The way I see it, the tax law is one of the most complicated and confusing pieces of legislation ever written, and each year it gets worse. I would rather consult an expert on this legislation than try to understand it myself. Now, there are accountants who don't brush up on the changes every year, or try to wing it, but I wouldn't recommend using one of those. 

Personally, I have a general idea of how they tax system works, enough to hold a basic conversation with someone, but I certainly wouldn't have enough knowledge to maximize my benefits, that's why I personally pay a professional.


----------



## ian (Jun 18, 2016)

The challenge of engaging a professional is that some people focus on the hourly rate or the charge rather than spending time to get someone that is recommended and who will provide the desired outcome. The last time I engaged a lawyer i did not even ask what the hourly rate was. I was more concerned about getting the best result possible with the lowest amount of billable time. It is the bottom line fee and the results that we focus on.

I have used Studio Tax for a few years. I tried it at first to do a pro forma return in order to guestimate our tax liability even though the accountant was doing the returns. Our tax situation has been much more straightforward so we have used Studio Tax for the past two years to prepare and file our returns.


----------



## Just a Guy (Mar 27, 2012)

The issue with lower hourly rates is, if you want to earn more for the same work, work slower.


----------



## agent99 (Sep 11, 2013)

Just a Guy said:


> The way I see it, the tax law is one of the most complicated and confusing pieces of legislation ever written, and each year it gets worse. I would rather consult an expert on this legislation than try to understand it myself.


If you find doing a tax return confusing, them hopefully you also hire an adviser to do your investing for you. Not everyone has ability to do these things and they should seek help if confused.

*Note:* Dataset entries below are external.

(* In the commutative squares of canonical functors $$\operatorname{Pro}(\mathbf{Rng})\to\mathrm{Rng}(\operatorname{Pro}(\mathbf{Set})),\ \operatorname{Pro}(\mathbf{CRng})\to\mathrm{CRng}(\operatorname{Pro}(\mathbf{Set})),\ \operatorname{Pro}(\mathbf{CRng})\to\operatorname{Pro}(\mathbf{Rng}),\ \mathrm{CRng}(\operatorname{Pro}(\mathbf{Set}))\to\mathrm{Rng}(\operatorname{Pro}(\mathbf{Set}))$$ and $$\operatorname{Pro}(\mathbf{Ring})\to\mathrm{Ring}(\operatorname{Pro}(\mathbf{Set})),\ \operatorname{Pro}(\mathbf{CRing})\to\mathrm{CRing}(\operatorname{Pro}(\mathbf{Set})),\ \operatorname{Pro}(\mathbf{CRing})\to\operatorname{Pro}(\mathbf{Ring}),\ \mathrm{CRing}(\operatorname{Pro}(\mathbf{Set}))\to\mathrm{Ring}(\operatorname{Pro}(\mathbf{Set}))$$ all functors are fully faithful. Moreover, a pro-ring $R$ (object of $\operatorname{Pro}(\mathbf{Rng})$) is isomorphic in $\operatorname{Pro}(\mathbf{Rng})$ to a commutative pro-ring, to a unital pro-ring, or to a unital commutative pro-ring if and only if its image in $\mathrm{Rng}(\operatorname{Pro}(\mathbf{Set}))$ is, respectively, a commutative ring object, a unital ring object, or a unital commutative ring object in $\operatorname{Pro}(\mathbf{Set})$.
   Context: For a category $\mathcal C$, $\operatorname{Pro}(\mathcal C)$ is its pro-completion: objects are inverse systems, i.e. functors $X\colon \mathcal I_X^{op}\to\mathcal C$ with $\mathcal I_X$ a small filtered category, and $\operatorname{Hom}_{\operatorname{Pro}(\mathcal C)}(X,Y)=\varprojlim_{j\in\mathcal I_Y}\varinjlim_{i\in\mathcal I_X}\mathcal C(X_i,Y_j)$. For an algebraic theory $T$ and a category $\mathcal D$ with finite products, $T(\mathcal D)$ is the category of internal $T$-algebras in $\mathcal D$; $\mathbf T=T(\mathbf{Set})$. Theories: $\mathrm{Rng}$ = non-unital associative rings, $\mathrm{Ring}$ = unital rings, $\mathrm{CRng}$ = non-unital commutative rings, $\mathrm{CRing}$ = unital commutative rings (homomorphisms of unital rings preserve units). The canonical functor $\operatorname{Pro}(\mathbf T)\to T(\operatorname{Pro}(\mathbf{Set}))$ sends an inverse system of $T$-algebras to the same inverse system of sets with levelwise operations. *)

From Stdlib Require Import ClassicalEpsilon.
Set Implicit Arguments.
Unset Strict Implicit.

Record cat := Cat {
  ob :> Type;
  hom : ob -> ob -> Type;
  idm : forall a, hom a a;
  cmp : forall x y z, hom y z -> hom x y -> hom x z;
  cmp_id_l : forall a b (f : hom a b), cmp (idm b) f = f;
  cmp_id_r : forall a b (f : hom a b), cmp f (idm a) = f;
  cmp_assoc : forall a b c d (h : hom c d) (g : hom b c) (f : hom a b),
      cmp h (cmp g f) = cmp (cmp h g) f }.
Arguments idm {_} _.
Arguments cmp {_ x y z} _ _.

Definition filtered (I : cat) : Prop :=
  inhabited I /\
  (forall i j : I, exists k : I, inhabited (hom i k) /\ inhabited (hom j k)) /\
  (forall (i j : I) (u v : hom i j), exists (k : I) (w : hom j k), cmp w u = cmp w v).

Lemma prod_cat_l (I J : cat) (a b : I * J) (f : hom (fst a) (fst b) * hom (snd a) (snd b)) :
  (cmp (idm (fst b)) (fst f), cmp (idm (snd b)) (snd f)) = f.
Proof. destruct f; simpl; rewrite !cmp_id_l; reflexivity. Qed.
Lemma prod_cat_r (I J : cat) (a b : I * J) (f : hom (fst a) (fst b) * hom (snd a) (snd b)) :
  (cmp (fst f) (idm (fst a)), cmp (snd f) (idm (snd a))) = f.
Proof. destruct f; simpl; rewrite !cmp_id_r; reflexivity. Qed.
Lemma prod_cat_A (I J : cat) (a b c d : I * J)
  (h : hom (fst c) (fst d) * hom (snd c) (snd d))
  (g : hom (fst b) (fst c) * hom (snd b) (snd c))
  (f : hom (fst a) (fst b) * hom (snd a) (snd b)) :
  (cmp (fst h) (fst (cmp (fst g) (fst f), cmp (snd g) (snd f))),
   cmp (snd h) (snd (cmp (fst g) (fst f), cmp (snd g) (snd f)))) =
  (cmp (fst (cmp (fst h) (fst g), cmp (snd h) (snd g))) (fst f),
   cmp (snd (cmp (fst h) (fst g), cmp (snd h) (snd g))) (snd f)).
Proof. simpl; rewrite !cmp_assoc; reflexivity. Qed.

Definition prod_cat (I J : cat) : cat :=
  @Cat (I * J) (fun a b => (hom (fst a) (fst b) * hom (snd a) (snd b))%type)
    (fun a => (idm (fst a), idm (snd a)))
    (fun a b c g f => (cmp (fst g) (fst f), cmp (snd g) (snd f)))
    (@prod_cat_l I J) (@prod_cat_r I J) (@prod_cat_A I J).

Lemma prod_filtered (I J : cat) : filtered I -> filtered J -> filtered (prod_cat I J).
Proof.
  intros [[i0] [HI1 HI2]] [[j0] [HJ1 HJ2]]; split; [|split].
  - exact (inhabits ((i0, j0) : prod_cat I J)).
  - intros [i j] [i' j'].
    destruct (HI1 i i') as [k [[u] [u']]]; destruct (HJ1 j j') as [l [[v] [v']]].
    exists ((k, l) : prod_cat I J); split; constructor; [exact (u, v) | exact (u', v')].
  - intros [i j] [i' j'] [u1 u2] [v1 v2].
    destruct (HI2 _ _ u1 v1) as [k [w1 E1]].
    destruct (HJ2 _ _ u2 v2) as [l [w2 E2]].
    exists ((k, l) : prod_cat I J), ((w1, w2) : hom (c0 := prod_cat I J) (i', j') (k, l)).
    simpl in *; rewrite E1, E2; reflexivity.
Qed.

Definition unit_cat : cat :=
  @Cat unit (fun _ _ => unit) (fun _ => tt) (fun _ _ _ _ _ => tt)
    (fun _ _ f => match f with tt => eq_refl end)
    (fun _ _ f => match f with tt => eq_refl end)
    (fun _ _ _ _ _ _ _ => eq_refl).

Lemma unit_filtered : filtered unit_cat.
Proof.
  split; [exact (inhabits (tt : unit_cat)) | split].
  - intros i j; exists (tt : unit_cat); split; constructor; exact tt.
  - intros i j u v; exists (tt : unit_cat), (tt : hom (c0 := unit_cat) j tt); reflexivity.
Qed.

Record ccat := CCat {
  cob : Type;
  car : cob -> Type;
  ishom : forall a b, (car a -> car b) -> Prop;
  ishom_id : forall a, @ishom a a (fun x => x);
  ishom_comp : forall a b c (g : car b -> car c) (f : car a -> car b),
      ishom g -> ishom f -> ishom (fun x => g (f x)) }.
Arguments ishom {_ a b} _.
Arguments car : clear implicits.

Definition SetC : ccat :=
  @CCat Type (fun X => X) (fun _ _ _ => True) (fun _ => I) (fun _ _ _ _ _ _ _ => I).

Record rng := Rng {
  rcar :> Type;
  radd : rcar -> rcar -> rcar;
  rzero : rcar;
  rneg : rcar -> rcar;
  rmul : rcar -> rcar -> rcar;
  raddA : forall x y z, radd (radd x y) z = radd x (radd y z);
  raddC : forall x y, radd x y = radd y x;
  radd0 : forall x, radd rzero x = x;
  raddN : forall x, radd (rneg x) x = rzero;
  rmulA : forall x y z, rmul (rmul x y) z = rmul x (rmul y z);
  rmulDr : forall x y z, rmul x (radd y z) = radd (rmul x y) (rmul x z);
  rmulDl : forall x y z, rmul (radd x y) z = radd (rmul x z) (rmul y z) }.
Arguments rzero {r}.

Definition rng_hom (A B : rng) (f : A -> B) : Prop :=
  (forall x y, f (radd x y) = radd (f x) (f y)) /\ f rzero = rzero /\
  (forall x, f (rneg x) = rneg (f x)) /\ (forall x y, f (rmul x y) = rmul (f x) (f y)).

Record crng := CRng { crng_rng :> rng; crng_comm : forall x y : crng_rng, rmul x y = rmul y x }.

Record ring := Ring {
  ring_rng :> rng;
  rone : ring_rng;
  rmul1l : forall x, rmul rone x = x;
  rmul1r : forall x, rmul x rone = x }.
Definition ring_hom (A B : ring) (f : A -> B) : Prop := rng_hom f /\ f (rone A) = rone B.

Record cring := CRing { cring_ring :> ring; cring_comm : forall x y : cring_ring, rmul x y = rmul y x }.

Lemma rng_hom_id (A : rng) : rng_hom (fun x : A => x).
Proof. repeat split. Qed.
Lemma rng_hom_comp (A B C : rng) (g : B -> C) (f : A -> B) :
  rng_hom g -> rng_hom f -> rng_hom (fun x => g (f x)).
Proof.
  intros [g1 [g2 [g3 g4]]] [f1 [f2 [f3 f4]]]; repeat split; intros;
  rewrite ?f1, ?f2, ?f3, ?f4, ?g1, ?g2, ?g3, ?g4; reflexivity.
Qed.
Lemma ring_hom_id (A : ring) : ring_hom (fun x : A => x).
Proof. split; [apply rng_hom_id | reflexivity]. Qed.
Lemma ring_hom_comp (A B C : ring) (g : B -> C) (f : A -> B) :
  ring_hom g -> ring_hom f -> ring_hom (fun x => g (f x)).
Proof.
  intros [Hg Eg] [Hf Ef]; split; [apply rng_hom_comp; assumption|].
  simpl; rewrite Ef; exact Eg.
Qed.

Definition RngC : ccat := @CCat rng rcar (@rng_hom) (@rng_hom_id) (@rng_hom_comp).
Definition CRngC : ccat :=
  @CCat crng (fun a => rcar (crng_rng a)) (fun a b f => @rng_hom a b f)
    (fun a => @rng_hom_id a) (fun a b c => @rng_hom_comp a b c).
Definition RingC : ccat := @CCat ring (fun a => rcar (ring_rng a)) (@ring_hom)
    (@ring_hom_id) (@ring_hom_comp).
Definition CRingC : ccat :=
  @CCat cring (fun a => rcar (ring_rng (cring_ring a))) (fun a b f => @ring_hom a b f)
    (fun a => @ring_hom_id a) (fun a b c => @ring_hom_comp a b c).

(* Functors between concrete categories that act on underlying sets through
   (in all our instances: identity) bijections -- the forgetful functors. *)
Record cfunctor (C D : ccat) := CFunctor {
  fob : cob C -> cob D;
  fin : forall a, car C a -> car D (fob a);
  fout : forall a, car D (fob a) -> car C a;
  fin_out : forall (a : cob C) x, @fin a (@fout a x) = x;
  fout_in : forall (a : cob C) x, @fout a (@fin a x) = x;
  fhom : forall a b (f : car C a -> car C b), ishom f -> ishom (fun x => @fin b (f (@fout a x))) }.

Arguments fob {C D} c _.
Arguments fin {C D} c a _.
Arguments fout {C D} c a _.
Arguments fhom {C D} c {a b f} _.
(* Let $p:X_2\to X_1$, $q:Y_2\to Y_1$, $s:W_2\to W_1$, $f:X_1\to Y_1$, $g:Y_1\to W_1$, $h:X_2\to Y_2$, $k:Y_2\to W_2$ be equivariant maps with $f\circ p=q\circ h$ and $g\circ q=s\circ k$, such that both squares (square (1): $p,f,h,q$; square (2): $q,g,k,s$) are safe squares, the pair $(f,g)$ is forward-safe and the pair $(h,k)$ is backward-safe. Then the outer square ($p$, $g\circ f$, $k\circ h$, $s$) is a safe square.
   Context: Nominal sets over a countably infinite set $\mathcal V$ of names. For an equivariant $f:X\to Y$: $u$ is $f$-safe if $|\mathsf{supp}(u)|=\max\{|\mathsf{supp}(v)|:v\in f^{-1}(f(u))\}$ (maximum existing); $\mathsf{bv}_f(u)=\mathsf{supp}(u)\setminus\mathsf{supp}(f(u))$; $f$ is safe if every element of $Y$ has an $f$-safe preimage. A commuting square $a:Z\to X$, $f:X\to W$, $b:Z\to Y$, $c:Y\to W$ ($f\circ a=c\circ b$) is a safe square if for every $f$-safe $u\in X$ and $v\in Y$ with $f(u)=c(v)$ and $\mathsf{bv}_f(u)\cap\mathsf{supp}(v)=\emptyset$ there is a $b$-safe $z\in Z$ with $a(z)=u$, $b(z)=v$. For safe maps $f:X\to Y$, $g:Y\to W$: the pair $(f,g)$ is forward-safe if for every $(g\circ f)$-safe $u$, $f(u)$ is $g$-safe; it is backward-safe if every $f$-safe $u$ with $f(u)$ $g$-safe is $(g\circ f)$-safe. *)

From mathcomp Require Import all_boot.
Set Implicit Arguments. Unset Strict Implicit. Unset Printing Implicit Defensive.

(* Names: the countably infinite set V is taken to be nat. *)

Record fperm := FPerm {
  pfun :> nat -> nat;
  pinv : nat -> nat;
  pfunK : cancel pfun pinv;
  pinvK : cancel pinv pfun;
  pfin : exists n, forall a, n <= a -> pfun a = a
}.

Lemma id_fin : exists n, forall a : nat, n <= a -> id a = a.
Proof. by exists 0. Qed.

Definition perm_id : fperm := @FPerm id id (fun _ => erefl) (fun _ => erefl) id_fin.

Lemma comp_fin (p q : fperm) : exists n, forall a, n <= a -> p (q a) = a.
Proof.
case: (pfin p) => m Hm; case: (pfin q) => n Hn; exists (maxn m n) => a Ha.
rewrite Hn ?Hm //; [exact: leq_trans (leq_maxl m n) Ha | exact: leq_trans (leq_maxr m n) Ha].
Qed.

Definition perm_comp (p q : fperm) : fperm :=
  @FPerm (fun a => p (q a)) (fun a => pinv q (pinv p a))
    (fun a => etrans (f_equal (pinv q) (pfunK p (q a))) (pfunK q a))
    (fun a => etrans (f_equal p (pinvK q (pinv p a))) (pinvK p a))
    (comp_fin p q).

(* A nominal set: a set with an action of finitely supported permutations
   in which every element has a (least) finite support.  [supp x] is the
   least finite support of x, given as a duplicate-free list; it is uniquely
   determined (as a set) by the axioms [supp_supports] and [supp_least]. *)
Definition supports (X : Type) (act : fperm -> X -> X) (A : seq nat) (x : X) :=
  forall p : fperm, (forall a, a \in A -> p a = a) -> act p x = x.

Record nominal := Nominal {
  carrier :> Type;
  act : fperm -> carrier -> carrier;
  act_id : forall x, act perm_id x = x;
  act_comp : forall p q x, act (perm_comp p q) x = act p (act q x);
  act_ext : forall (p q : fperm) x, (forall a, p a = q a) -> act p x = act q x;
  supp : carrier -> seq nat;
  supp_uniq : forall x, uniq (supp x);
  supp_supports : forall x, supports act (supp x) x;
  supp_least : forall x (A : seq nat), supports act A x ->
                 forall a, a \in supp x -> a \in A
}.

Definition equivariant (X Y : nominal) (f : X -> Y) :=
  forall (p : fperm) (x : X), f (act p x) = act p (f x).

(* u is f-safe: |supp u| is the maximum of |supp v| over the fibre of f(u)
   (u lies in that fibre, so the maximum exists iff it is attained at u). *)
Definition fsafe (X Y : nominal) (f : X -> Y) (u : X) :=
  forall v : X, f v = f u -> size (supp v) <= size (supp u).

Definition bv (X Y : nominal) (f : X -> Y) (u : X) : seq nat :=
  [seq a <- supp u | a \notin supp (f u)].

Definition safe_map (X Y : nominal) (f : X -> Y) :=
  forall y : Y, exists2 u : X, f u = y & fsafe f u.

Definition safe_square (Z X Y W : nominal)
    (a : Z -> X) (f : X -> W) (b : Z -> Y) (c : Y -> W) :=
  (forall z, f (a z) = c (b z)) /\
  forall (u : X) (v : Y), fsafe f u -> f u = c v ->
    (forall n, n \in bv f u -> n \notin supp v) ->
    exists z : Z, [/\ fsafe b z, a z = u & b z = v].

Definition forward_safe (X Y W : nominal) (f : X -> Y) (g : Y -> W) :=
  [/\ safe_map f, safe_map g &
      forall u : X, fsafe (fun x => g (f x)) u -> fsafe g (f u)].

Definition backward_safe (X Y W : nominal) (f : X -> Y) (g : Y -> W) :=
  [/\ safe_map f, safe_map g &
      forall u : X, fsafe f u -> fsafe g (f u) -> fsafe (fun x => g (f x)) u].

From mathcomp Require Import all_boot.

Set Implicit Arguments. Unset Strict Implicit. Unset Printing Implicit Defensive.

(* Let u be (g o f)-safe and v a preimage of g (f u) under s avoiding the
   bound names bv_{g o f}(u).  Then u is f-safe, and by forward safety f u is
   g-safe; since bv_g (f u) is part of bv_{g o f}(u), square (2) yields a
   k-safe y with q y = f u and k y = v.  The obstacle to applying square (1)
   to (u, y) is that y may carry names of u that are visible neither in q y
   nor in k y.  Such "hidden" names can be renamed away by fresh
   transpositions without changing q y, k y or the size of supp y; the
   renamed y' is still k-safe.  Every name of bv_f(u) in supp y' is then
   visible in k y' = v, yet lies in bv_{g o f}(u): impossible.  So square (1)
   gives an h-safe z over (u, y'), and backward safety makes z (k o h)-safe. *)

Lemma pinv_fin (pi : fperm) : exists n, forall a, n <= a -> pinv pi a = a.
Proof.
case: (pfin pi) => n Hn; exists n => a Ha.
by rewrite -{1}(Hn a Ha) pfunK.
Qed.

Definition perm_inv (pi : fperm) : fperm :=
  @FPerm (pinv pi) pi (pinvK pi) (pfunK pi) (pinv_fin pi).

Lemma supp_act (X : nominal) (pi : fperm) (x : X) a :
  a \in supp (act pi x) -> pinv pi a \in supp x.
Proof.
move=> Ha.
have Hsupports : supports (@act X) (map pi (supp x)) (act pi x).
  move=> sg Hsg; rewrite -act_comp.
  set t := perm_comp (perm_inv pi) (perm_comp sg pi).
  have -> : act (perm_comp sg pi) x = act (perm_comp pi t) x.
    by apply: act_ext => b /=; rewrite pinvK.
  rewrite act_comp; congr (act pi _).
  apply: supp_supports => b Hb /=.
  by rewrite Hsg ?pfunK // map_f.
by case/mapP: (supp_least Hsupports Ha) => b Hb ->; rewrite pfunK.
Qed.

Lemma size_supp_act_le (X : nominal) (pi : fperm) (x : X) :
  size (supp (act pi x)) <= size (supp x).
Proof.
rewrite -(size_map pi (supp x)).
apply: uniq_leq_size; first exact: supp_uniq.
move=> a Ha; apply/mapP; exists (pinv pi a); first exact: supp_act.
by rewrite pinvK.
Qed.

Lemma size_supp_act (X : nominal) (pi : fperm) (x : X) :
  size (supp (act pi x)) = size (supp x).
Proof.
apply/eqP; rewrite eqn_leq size_supp_act_le /=.
have {1}-> : x = act (perm_inv pi) (act pi x).
  by rewrite -act_comp -{1}(act_id x); apply: act_ext => b /=; rewrite pfunK.
exact: size_supp_act_le.
Qed.

Lemma supp_equivariant (X Y : nominal) (f : X -> Y) (ef : equivariant f) x a :
  a \in supp (f x) -> a \in supp x.
Proof.
by apply: supp_least => sg Hsg; rewrite -ef; congr f; apply: supp_supports.
Qed.

Definition swapf (b c x : nat) := if x == b then c else if x == c then b else x.

Lemma swapfK b c : cancel (swapf b c) (swapf b c).
Proof.
move=> x; rewrite /swapf.
case: (eqVneq x b) => [->|hb]; first by rewrite eqxx; case: eqVneq.
case: (eqVneq x c) => [->|hc]; first by rewrite eqxx.
by rewrite (negbTE hb) (negbTE hc).
Qed.

Lemma swapf_fin b c : exists n, forall a, n <= a -> swapf b c a = a.
Proof.
exists (maxn b c).+1 => a Ha; rewrite /swapf.
have hb : a != b by apply/eqP => E; move: Ha; rewrite E ltnNge leq_maxl.
have hc : a != c by apply/eqP => E; move: Ha; rewrite E ltnNge leq_maxr.
by rewrite (negbTE hb) (negbTE hc).
Qed.

Definition swap b c : fperm :=
  @FPerm (swapf b c) (swapf b c) (swapfK b c) (swapfK b c) (swapf_fin b c).

Lemma swap_fresh (X : nominal) (x : X) b c :
  b \notin supp x -> c \notin supp x -> act (swap b c) x = x.
Proof.
move=> bx cx; apply: supp_supports => a Ha /=; rewrite /swapf.
case: eqVneq => [E|_]; first by move: bx; rewrite -E Ha.
by case: eqVneq => [E|_] //; move: cx; rewrite -E Ha.
Qed.

Lemma fresh_name (s : seq nat) : exists c, c \notin s.
Proof.
exists (\max_(a <- s) a).+1; apply/negP => Hs.
by have := @leq_bigmax_seq _ s predT id _ Hs isT; rewrite ltnn.
Qed.

(* Strengthening a predicate strictly at some element of s strictly raises
   its count; this is the termination measure of the renaming. *)
Lemma count_lt (T : eqType) (P P' : pred T) (s : seq T) :
  (forall x, P x -> P' x) -> (exists2 x, x \in s & P' x && ~~ P x) ->
  count P s < count P' s.
Proof.
move=> HP; elim: s => [|y s IH] [x] //.
rewrite inE => /orP [/eqP ->|Hx] Hxp /=.
  case/andP: Hxp => -> /negbTE ->; rewrite add0n add1n ltnS.
  exact: sub_count.
rewrite -addnS; apply: leq_add; last by apply: IH; exists x.
by case Py: (P y) => //; rewrite (HP _ Py).
Qed.

Section Renaming.
Variables (Y A B : nominal) (q : Y -> A) (k : Y -> B).
Hypotheses (eq_ : equivariant q) (ek : equivariant k).
Variable U : seq nat.

Definition hidden (y : Y) (a : nat) :=
  [&& a \in supp y, a \notin supp (q y) & a \notin supp (k y)].

(* Swapping a hidden name b of y with a fresh name removes b from the hidden
   names lying in U, creates no new ones, and keeps q y, k y and |supp y|. *)
Lemma rename_one y b : b \in U -> hidden y b ->
  exists y', [/\ q y' = q y, k y' = k y, size (supp y') = size (supp y) &
    count (hidden y') U < count (hidden y) U].
Proof.
move=> bU /and3P [by_ bq bk].
have [c] := fresh_name (U ++ supp y ++ supp (q y) ++ supp (k y)).
rewrite !mem_cat !negb_or => /and4P [cU cy cq ck].
set y' := act (swap b c) y.
have qy' : q y' = q y by rewrite /y' eq_ swap_fresh.
have ky' : k y' = k y by rewrite /y' ek swap_fresh.
have hidden_old a : a \in U -> hidden y' a -> hidden y a && (a != b).
  move=> aU /and3P [Ha Haq Hak]; have := supp_act Ha; rewrite /= /swapf.
  case: eqVneq => [_|hb]; first by rewrite (negbTE cy).
  case: eqVneq => [E|_] Hy; first by move: cU; rewrite -E aU.
  by rewrite /hidden Hy -qy' -ky' Haq Hak.
exists y'; split => //; first exact: size_supp_act.
apply: (@leq_trans (count (fun a => hidden y a && (a != b)) U).+1).
  rewrite ltnS (@eq_in_count _ _ (fun a => (a \in U) && hidden y' a)); last first.
    by move=> a ->.
  by apply: sub_count => a /andP [aU] /(hidden_old a aU).
apply: count_lt; first by move=> a /andP [].
by exists b => //; rewrite /hidden by_ bq bk eqxx.
Qed.

Lemma rename_hidden y : exists y',
  [/\ q y' = q y, k y' = k y, size (supp y') = size (supp y) &
    forall a, a \in U -> ~~ hidden y' a].
Proof.
move: {2}(count (hidden y) U) (leqnn (count (hidden y) U)) => n.
elim: n y => [|n IH] y Hn.
  exists y; split => // a aU; apply: contraTN Hn => Ha; rewrite -ltnNge.
  by rewrite -has_count; apply/hasP; exists a.
case: (boolP (has (hidden y) U)) => [/hasP [b bU Hb]|/hasPn Hnone].
  have [y1 [q1 k1 s1 lt1]] := rename_one bU Hb.
  have [y' [q' k' s' H']] := IH y1 (leq_trans lt1 Hn).
  by exists y'; split; rewrite ?q' ?k' ?s'.
by exists y.
Qed.
End Renaming.

(* Safety is inherited along fibre inclusion: a (g o f)-safe element is
   f-safe. *)
Lemma fsafe_comp_l (X Y W : nominal) (f : X -> Y) (g : Y -> W) u :
  fsafe (fun x => g (f x)) u -> fsafe f u.
Proof. by move=> Hu w Hw; apply: Hu; rewrite Hw. Qed.

Lemma fsafe_transfer (X Y : nominal) (f : X -> Y) (u u' : X) :
  fsafe f u -> f u' = f u -> size (supp u') = size (supp u) -> fsafe f u'.
Proof. by move=> Hu Hf Hs w Hw; rewrite Hs; apply: Hu; rewrite Hw. Qed.

Lemma bv_comp_r (X Y W : nominal) (f : X -> Y) (g : Y -> W) (ef : equivariant f) u n :
  n \in bv g (f u) -> n \in bv (fun x => g (f x)) u.
Proof.
rewrite !mem_filter => /andP [Hn Hfu].
by rewrite Hn (supp_equivariant ef Hfu).
Qed.

Lemma bv_comp_l (X Y W : nominal) (f : X -> Y) (g : Y -> W) (eg : equivariant g) u n :
  n \in bv f u -> n \in bv (fun x => g (f x)) u.
Proof.
rewrite !mem_filter => /andP [Hn Hu]; rewrite Hu andbT.
by apply: contra Hn; apply: supp_equivariant.
Qed.

Theorem lemma5p40 (X1 X2 Y1 Y2 W1 W2 : nominal)
  (p : X2 -> X1) (q : Y2 -> Y1) (s : W2 -> W1)
  (f : X1 -> Y1) (g : Y1 -> W1) (h : X2 -> Y2) (k : Y2 -> W2)
  (ep : equivariant p) (eq_ : equivariant q) (es : equivariant s)
  (ef : equivariant f) (eg : equivariant g) (eh : equivariant h) (ek : equivariant k)
  (sq1c : forall x, f (p x) = q (h x))
  (sq2c : forall y, g (q y) = s (k y))
  (sq1 : safe_square p f h q)
  (sq2 : safe_square q g k s)
  (fw : forward_safe f g)
  (bw : backward_safe h k) :
  safe_square p (fun x => g (f x)) (fun x => k (h x)) s.
Proof.
split=> [x|u v Hu Heq Hbv]; first by rewrite sq1c sq2c.
have uf := fsafe_comp_l Hu.
have [_ _ /(_ u Hu) fug] := fw.
have [y [ky qy vy]] : exists y, [/\ fsafe k y, q y = f u & k y = v].
  by apply: sq2.2 => // n /(bv_comp_r ef); apply: Hbv.
have [y' [qy' ky' sy' Hy']] := rename_hidden eq_ ek (supp u) y.
have [z [hz pz hz']] : exists z, [/\ fsafe h z, p z = u & h z = y'].
  apply: sq1.2 => //; first by rewrite qy' qy.
  move=> n Hn; have /Hbv Hnv := bv_comp_l eg Hn.
  move: Hn Hy'; rewrite mem_filter => /andP [Hnfu Hnu] /(_ n Hnu).
  by rewrite /hidden qy' qy ky' vy (negbTE Hnfu) (negbTE Hnv) !andbT.
exists z; split => //; last by rewrite hz' ky'.
have [_ _ Hbw] := bw; apply: Hbw => //.
by rewrite hz'; apply: fsafe_transfer ky ky' sy'.
Qed.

We have owned and run two businesses and now are retired living off our investments. We have always done our own books and tax returns. There is nothing complicated about it really, but it does take some work to stay up to date. For many in same situation, an accountant would no doubt be advisable, but I would rather know exactly what is going on.


----------



## Just a Guy (Mar 27, 2012)

Personally I focus on investing and running businesses. I don't have the time, energy, or intellect to be an expert at everything. Since proper tax planning is important to my success in the first two areas, I prefer to leave that to the experts. Besides, I took math in school where 2+2=4 not a $3M loss.


----------



## agent99 (Sep 11, 2013)

Just a Guy said:


> Personally I focus on investing and running businesses. *I don't have the time, energy, or intellect* to be an expert at everything. Since proper tax planning is important to my success in the first two areas, I prefer to leave that to the experts. Besides, I took math in school where 2+2=4 not a $3M loss.


Sounds like you are doing the right thing


----------